Hi, I’m Simon Arneaud, an independent tech consultant. Welcome to my personal blog.
What I do
My typical day job is what some people call site reliability engineering (SRE). I help organisations develop, deploy and manage software systems that are reliable, maintainable, efficient and scalable (for both machines and people). A good example is the work I did scaling the social media site Vocal. I mostly work for fast-growing small and medium companies that want help across their existing tech stack. Typical requests include
- Production-ready, reliable app deployments on Linux/Unix-like systems (cloud or on-prem, using a wide range of platforms)
- Automation, infrastructure-as-code and development processes
- Site migrations
- Software, networking and systems architecture advice
- Problem-solving in compliance environments
- Performance tuning of apps and databases (mainly PostgreSQL)
I also do programming and other nerdy things as hobbies. Sometimes I publish my programming projects on Gitlab.
Things I post about
You’re probably not interested in all the things I am, so I organise my posts by tag. Most of my posts are about
- Things I’ve learned from SRE work (Reliability, Performance, Software Engineering)
- Things I’ve learned by running my own business (Business, Careers, Sociotechnology)
- Computer science and algorithms (Computer Science)
- Systems programming (Systems Design, Low Level)
- Maths (Mathematics)
- System administration and tooling (Tools, Servers)
- Security (Security)
- Various things I translate from Japanese (Translation and Japanese)
A lot of my hobby programming is in the D programming language, so I often blog about various D-related things.
Can I work for you?
To save some time, check this list before contacting me:
Do you want me to join your company as an employee?
Sorry, I enjoy running my own business, so you’d have to offer me an above-market deal to give it up. Realistically, you’re better off finding someone else who does want to be an employee.
Do you have a cool business idea and want someone to build it?
I recommend reading a book like The Lean Startup, and prioritising finding a market fit as quickly and cheaply as possible.

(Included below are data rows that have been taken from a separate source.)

(* Consider the mechanism $\mathcal{M}_{sCA}$ for the $s$-CA problem, run under best-response dynamics with random player order in which every agent starts with the empty declaration, an agent chosen for update who cannot improve his utility keeps his previous declaration, and agents play undominated strategies (single-minded declarations $(S_i,t_i(S_i))$). Then at every step of the dynamics the submitted declaration profile is separated.
   Context: $s$-CA problem: $n$ agents, a set $M$ of $m$ items; an allocation is feasible if the allocated sets are pairwise disjoint and each has at most $s$ items. Agent $i$ has a private monotone valuation $t_i$ with $t_i(\emptyset)=0$. A single-minded declaration $(S,x)$ assigns $x$ to supersets of $S$ and $0$ otherwise. Mechanism $\mathcal{M}_{sCA}$: (1) replace each declaration $d_i$ by $(S_i,d_i(S_i))$ with $S_i\in\arg\max_S d_i(S)$ (ties to smaller sets); (2) run the greedy algorithm $\mathcal{A}_{sCA}$, which considers the declared sets in decreasing order of declared value and allocates a set of size at most $s$ to its bidder if it is disjoint from all previously allocated sets, obtaining tentative sets $T_1,\dots,T_n$; (3) for each $i$ with $T_i\ne\emptyset$, let $p_i=\sum_{j\ne i:\,S_j\cap T_i\ne\emptyset}d_j(S_j)$, and if $d_i(T_i)\le p_i$ set $T_i=\emptyset$; (4) allocate $T_1,\dots,T_n$ and charge each winner the critical price under this mechanism, i.e. the infimum value he could declare for his set and still receive it. Utility = true value minus payment. For a profile $\mathbf{d}$ of single-minded declarations $(S_j,d_j(S_j))$ and a set $T$, $R_i(\mathbf{d},T)=\{j\ne i: S_j\cap T\ne\emptyset\}$ and $Q_i(\mathbf{d},T)=\{j\in R_i(\mathbf{d},T): d_j(S_j)<t_i(T)\}$. $\mathbf{d}$ is separated for agent $i$ if $\sum_{j\in Q_i(\mathbf{d},S_i)}d_j(S_j)\le d_i(S_i)$, and separated if it is separated for every agent. Best-response dynamics with random player order: at each step one uniformly random agent may switch to a utility-maximizing declaration given the others' current declarations. *)

From HB Require Import structures.
From mathcomp Require Import all_boot all_order all_algebra.
From mathcomp Require Import reals.
From mathcomp Require classical_sets.
Set Implicit Arguments. Unset Strict Implicit. Unset Printing Implicit Defensive.
Import Order.TTheory GRing.Theory Num.Theory.
Local Open Scope ring_scope.

Section SCA.
Variables (R : realType) (n m s : nat).

(* a single-minded declaration (S, x): value x on supersets of S, 0 otherwise *)
Definition decl := ({set 'I_m} * R)%type.
Definition profile := 'I_n -> decl.
Definition valuations := 'I_n -> {set 'I_m} -> R.

Definition sm_value (dc : decl) (T : {set 'I_m}) : R :=
  if dc.1 \subset T then dc.2 else 0.

(* Step (1): a set in argmax of the declared valuation, ties broken towards
   smaller sets: S if x > 0, and the empty set otherwise. *)
Definition norm_set (dc : decl) : {set 'I_m} :=
  if dc.2 <= 0 then set0 else dc.1.

Definition upd (d : profile) (i : 'I_n) (dc : decl) : profile :=
  fun j => if j == i then dc else d j.

Definition prec (d : profile) (i j : 'I_n) : bool :=
  ((d j).2 < (d i).2) || (((d i).2 == (d j).2) && (i <= j)%N).

Fixpoint greedy_run (d : profile) (ord : seq 'I_n) (used : {set 'I_m})
  : {set 'I_n} :=
  match ord with
  | [::] => set0
  | i :: o =>
      if (#|norm_set (d i)| <= s)%N && [disjoint norm_set (d i) & used]
      then i |: greedy_run d o (norm_set (d i) :|: used)
      else greedy_run d o used
  end.

Definition tentative (d : profile) (i : 'I_n) : {set 'I_m} :=
  if i \in greedy_run d (sort (prec d) (enum 'I_n)) set0
  then norm_set (d i) else set0.

Definition p3 (d : profile) (i : 'I_n) : R :=
  \sum_(j | (j != i) && (norm_set (d j) :&: tentative d i != set0))
     (d j).2.

Definition final_alloc (d : profile) (i : 'I_n) : {set 'I_m} :=
  if (tentative d i != set0) && (sm_value (d i) (tentative d i) <= p3 d i)
  then set0 else tentative d i.

Definition critical_price (d : profile) (i : 'I_n) : R :=
  inf (fun y : R => final_alloc (upd d i (final_alloc d i, y)) i
                   = final_alloc d i).

Definition payment (d : profile) (i : 'I_n) : R :=
  if final_alloc d i != set0 then critical_price d i else 0.

Definition utility (t : valuations) (d : profile) (i : 'I_n) : R :=
  t i (final_alloc d i) - payment d i.

Definition undom (t : valuations) (i : 'I_n) (S : {set 'I_m}) : decl :=
  (S, t i S).

Definition improvable (t : valuations) (i : 'I_n) (d : profile) : Prop :=
  exists S, utility t (upd d i (undom t i S)) i > utility t d i.

Definition br_step (t : valuations) (i : 'I_n) (d d' : profile) : Prop :=
  (improvable t i d /\
     exists S, d' = upd d i (undom t i S) /\
       forall S', utility t (upd d i (undom t i S')) i
                  <= utility t (upd d i (undom t i S)) i)
  \/ (~ improvable t i d /\ d' = d).

Definition empty_profile : profile := fun _ => (set0, 0).

(* profiles occurring at some step of the dynamics, for some realization of
   the random order of players *)
Inductive reachable (t : valuations) : profile -> Prop :=
  | reach_init : reachable t empty_profile
  | reach_step i d d' : reachable t d -> br_step t i d d' -> reachable t d'.

Definition Rset (d : profile) (i : 'I_n) (T : {set 'I_m}) : {set 'I_n} :=
  [set j | (j != i) && ((d j).1 :&: T != set0)].

Definition Qset (t : valuations) (d : profile) (i : 'I_n) (T : {set 'I_m})
  : {set 'I_n} :=
  [set j in Rset d i T | (d j).2 < t i T].

Definition separated_for (t : valuations) (d : profile) (i : 'I_n) : Prop :=
  \sum_(j in Qset t d i (d i).1) (d j).2 <= (d i).2.

Definition separated (t : valuations) (d : profile) : Prop :=
  forall i, separated_for t d i.

End SCA.

(* Along the dynamics every declaration is truthful, (S_j, t_j(S_j)), so all
   declared values are nonnegative and a winner's utility is nonnegative.
   An agent who switches therefore strictly gains, hence wins; winning forces
   p_k < d_k, which bounds his own Q-sum. For any other agent i the new
   declaration of k cannot enter Q_i: it would meet S_i with a value below
   t_i(S_i) = d_i, so d_i would be a summand of p_k, and
   d_i <= p_k < d_k < d_i.
   The sets Q_i of the others thus only shrink. *)
From HB Require Import structures.
From mathcomp Require Import all_boot all_order all_algebra.
From mathcomp Require Import reals.
From mathcomp Require classical_sets.
From Stdlib Require Import FunctionalExtensionality.
Set Implicit Arguments.
Unset Strict Implicit.
Unset Printing Implicit Defensive.
Import Order.TTheory GRing.Theory Num.Theory.
Local Open Scope ring_scope.

Section Mechanism.
Variables (R : realType) (n m s : nat).
Implicit Types (d : profile R n m) (i j k : 'I_n).

Lemma upd_id d k : upd d k (d k) = d.
Proof.
by apply: functional_extensionality => j; rewrite /upd; case: eqP => // ->.
Qed.

Lemma upd_eq d k dc : upd d k dc k = dc.
Proof. by rewrite /upd eqxx. Qed.

Lemma upd_neq d k dc j : j != k -> upd d k dc j = d j.
Proof. by rewrite /upd => /negbTE ->. Qed.

Lemma tentative_neq0 d k :
  tentative s d k != set0 -> tentative s d k = (d k).1 /\ 0 < (d k).2.
Proof.
rewrite /tentative /norm_set; case: ifP => _; last by rewrite eqxx.
by case: leP => [_|]; [rewrite eqxx | split].
Qed.

Lemma final_alloc_neq0 d k : final_alloc s d k != set0 ->
  [/\ final_alloc s d k = (d k).1, tentative s d k = (d k).1,
      0 < (d k).2 & p3 s d k < (d k).2].
Proof.
rewrite /final_alloc; case: ifP => [_|/negbT]; first by rewrite eqxx.
move=> not_rejected /[dup] tent_neq0 /tentative_neq0 [tent_k pos_k].
move: not_rejected; rewrite tent_neq0 /= -ltNge tent_k /sm_value subxx.
by split.
Qed.

Lemma final_alloc_nonpos d k : (d k).2 <= 0 -> final_alloc s d k = set0.
Proof.
move=> nonpos_k; apply/eqP/negP => /negP /final_alloc_neq0 [_ _ pos_k _].
by move: (lt_le_trans pos_k nonpos_k); rewrite ltxx.
Qed.

(* The price is an infimum over values that keep the allocation; all of them
   are positive, and the declared value is one of them. *)
Lemma critical_price_le d k :
  final_alloc s d k != set0 -> critical_price s d k <= (d k).2.
Proof.
move=> /[dup] win /final_alloc_neq0 [alloc_k _ _ _].
rewrite /critical_price alloc_k; apply: ge_inf; last first.
  by rewrite /= -surjective_pairing upd_id alloc_k.
exists 0 => y keeps; rewrite leNgt; apply/negP => /ltW nonpos_y.
move: keeps; rewrite final_alloc_nonpos ?upd_eq // => alloc0.
by move: win; rewrite alloc_k -alloc0 eqxx.
Qed.

Lemma p3_ge_rival d k j : (forall l, 0 <= (d l).2) ->
  j != k -> norm_set (d j) :&: tentative s d k != set0 -> (d j).2 <= p3 s d k.
Proof.
move=> nonneg j_k meets; rewrite /p3 (bigD1 j) /=; last by rewrite j_k meets.
by rewrite lerDl sumr_ge0.
Qed.

Lemma sum_Qset_le_p3 (t : valuations R n m) d k :
  (forall l, 0 <= (d l).2) -> tentative s d k = (d k).1 ->
  \sum_(j in Qset t d k (d k).1) (d j).2 <= p3 s d k.
Proof.
move=> nonneg tent_k; rewrite /p3 tent_k.
rewrite [X in _ <= X]big_mkcond [X in X <= _]big_mkcond.
apply: ler_sum => j _; rewrite /Qset /Rset !inE.
case: (j != k) => //=; case: ifP => [/andP[meets _]|_]; last first.
  by case: ifP => // _; apply: nonneg.
rewrite /norm_set; case: (leP (d j).2 0) => [nonpos_j|_]; last by rewrite meets.
by rewrite set0I eqxx.
Qed.

End Mechanism.

Section Dynamics.
Variables (R : realType) (n m s : nat) (t : valuations R n m).
Hypothesis t_empty : forall i, t i set0 = 0.
Hypothesis t_mono : forall i (A B : {set 'I_m}), A \subset B -> t i A <= t i B.
Implicit Types (d : profile R n m) (i j k : 'I_n).

Definition truthful d := forall j, (d j).2 = t j (d j).1.

Lemma t_ge0 i A : 0 <= t i A.
Proof. by rewrite -(t_empty i) t_mono ?sub0set. Qed.

Lemma truthful_ge0 d : truthful d -> forall j, 0 <= (d j).2.
Proof. by move=> tr j; rewrite tr t_ge0. Qed.

Lemma truthful_empty : truthful (empty_profile R m).
Proof. by move=> j; rewrite t_empty. Qed.

Lemma truthful_upd d k S : truthful d -> truthful (upd d k (undom t k S)).
Proof. by move=> tr j; rewrite /upd; case: eqP => [->|_]. Qed.

Lemma utility_ge0 d k : truthful d -> 0 <= utility s t d k.
Proof.
move=> tr; rewrite /utility /payment; case: ifP => [win|/negbFE/eqP->].
  have [-> _ _ _] := final_alloc_neq0 win.
  by rewrite subr_ge0 -tr critical_price_le.
by rewrite t_empty subr0.
Qed.

Lemma utility_gt0_win d k : 0 < utility s t d k -> final_alloc s d k != set0.
Proof.
apply: contraTneq => alloc0.
by rewrite /utility /payment alloc0 eqxx t_empty subr0 ltxx.
Qed.

Lemma winner_notin_Qset d k i : truthful d -> i != k ->
  final_alloc s d k != set0 -> k \notin Qset t d i (d i).1.
Proof.
move=> tr i_k /final_alloc_neq0 [_ tent_k pos_k p3_lt].
rewrite /Qset /Rset !inE eq_sym i_k -tr /=; apply/negP => /andP[meets lt_ki].
have pos_i : 0 < (d i).2 by apply: lt_trans lt_ki.
have : (d i).2 <= p3 s d k.
  apply: p3_ge_rival => //; first exact: truthful_ge0.
  by rewrite /norm_set leNgt pos_i tent_k setIC.
by move/(lt_le_trans (lt_trans p3_lt lt_ki)); rewrite ltxx.
Qed.

Lemma separated_for_upd d k dc i : truthful d -> i != k ->
  k \notin Qset t (upd d k dc) i (d i).1 ->
  separated_for t d i -> separated_for t (upd d k dc) i.
Proof.
move=> tr i_k k_notin; rewrite /separated_for upd_neq //; apply: le_trans.
rewrite [X in _ <= X]big_mkcond [X in X <= _]big_mkcond; apply: ler_sum => j _.
have [->|j_k] := eqVneq j k.
  by rewrite (negbTE k_notin); case: ifP => // _; apply: truthful_ge0.
by rewrite /Qset /Rset !inE !upd_neq.
Qed.

Lemma separated_upd_win d k S :
  truthful d -> separated t d ->
  final_alloc s (upd d k (undom t k S)) k != set0 ->
  separated t (upd d k (undom t k S)).
Proof.
set d' := upd _ _ _ => tr sep win i.
have tr' : truthful d' := truthful_upd k S tr.
have [->|i_k] := eqVneq i k.
  have [_ tent_k _ p3_lt] := final_alloc_neq0 win.
  rewrite /separated_for (le_trans _ (ltW p3_lt)) //.
  exact: sum_Qset_le_p3 (truthful_ge0 tr') tent_k.
apply: separated_for_upd => //.
by move: (winner_notin_Qset tr' i_k win); rewrite /d' upd_neq.
Qed.

Lemma br_step_inv i d d' : truthful d -> separated t d ->
  br_step s t i d d' -> truthful d' /\ separated t d'.
Proof.
move=> tr sep [[[S0 gain] [S [-> best]]] | [_ ->]]; last by [].
split; first exact: truthful_upd.
apply: separated_upd_win => //; apply: utility_gt0_win.
exact: le_lt_trans (utility_ge0 i tr) (lt_le_trans gain (best S0)).
Qed.

End Dynamics.

Theorem lemma4p3 (R : realType) (n m s : nat) (t : valuations R n m)
  (t_empty : forall i, t i set0 = 0)
  (t_mono : forall i (A B : {set 'I_m}), A \subset B -> t i A <= t i B)
  (d : profile R n m) :
  reachable s t d -> separated t d.
Proof.
move=> reach; suff [] : truthful t d /\ separated t d by [].
elim: reach => [|i d0 d1 _ [tr sep] step]; last exact: br_step_inv step.
split; first exact: truthful_empty.
by move=> i; rewrite /separated_for big1 // => j; rewrite !inE set0I eqxx.
Qed.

Performance and scalability can come later.
Do you want me to work for a discount because your project is “interesting”?
I’m already interested in a lot of things.
Most “boring” work still has plenty of interesting problems in the details. When people come to me apologising about their “boring” work, I know there’s got to be some other reason it matters to them. That reason usually makes it interesting.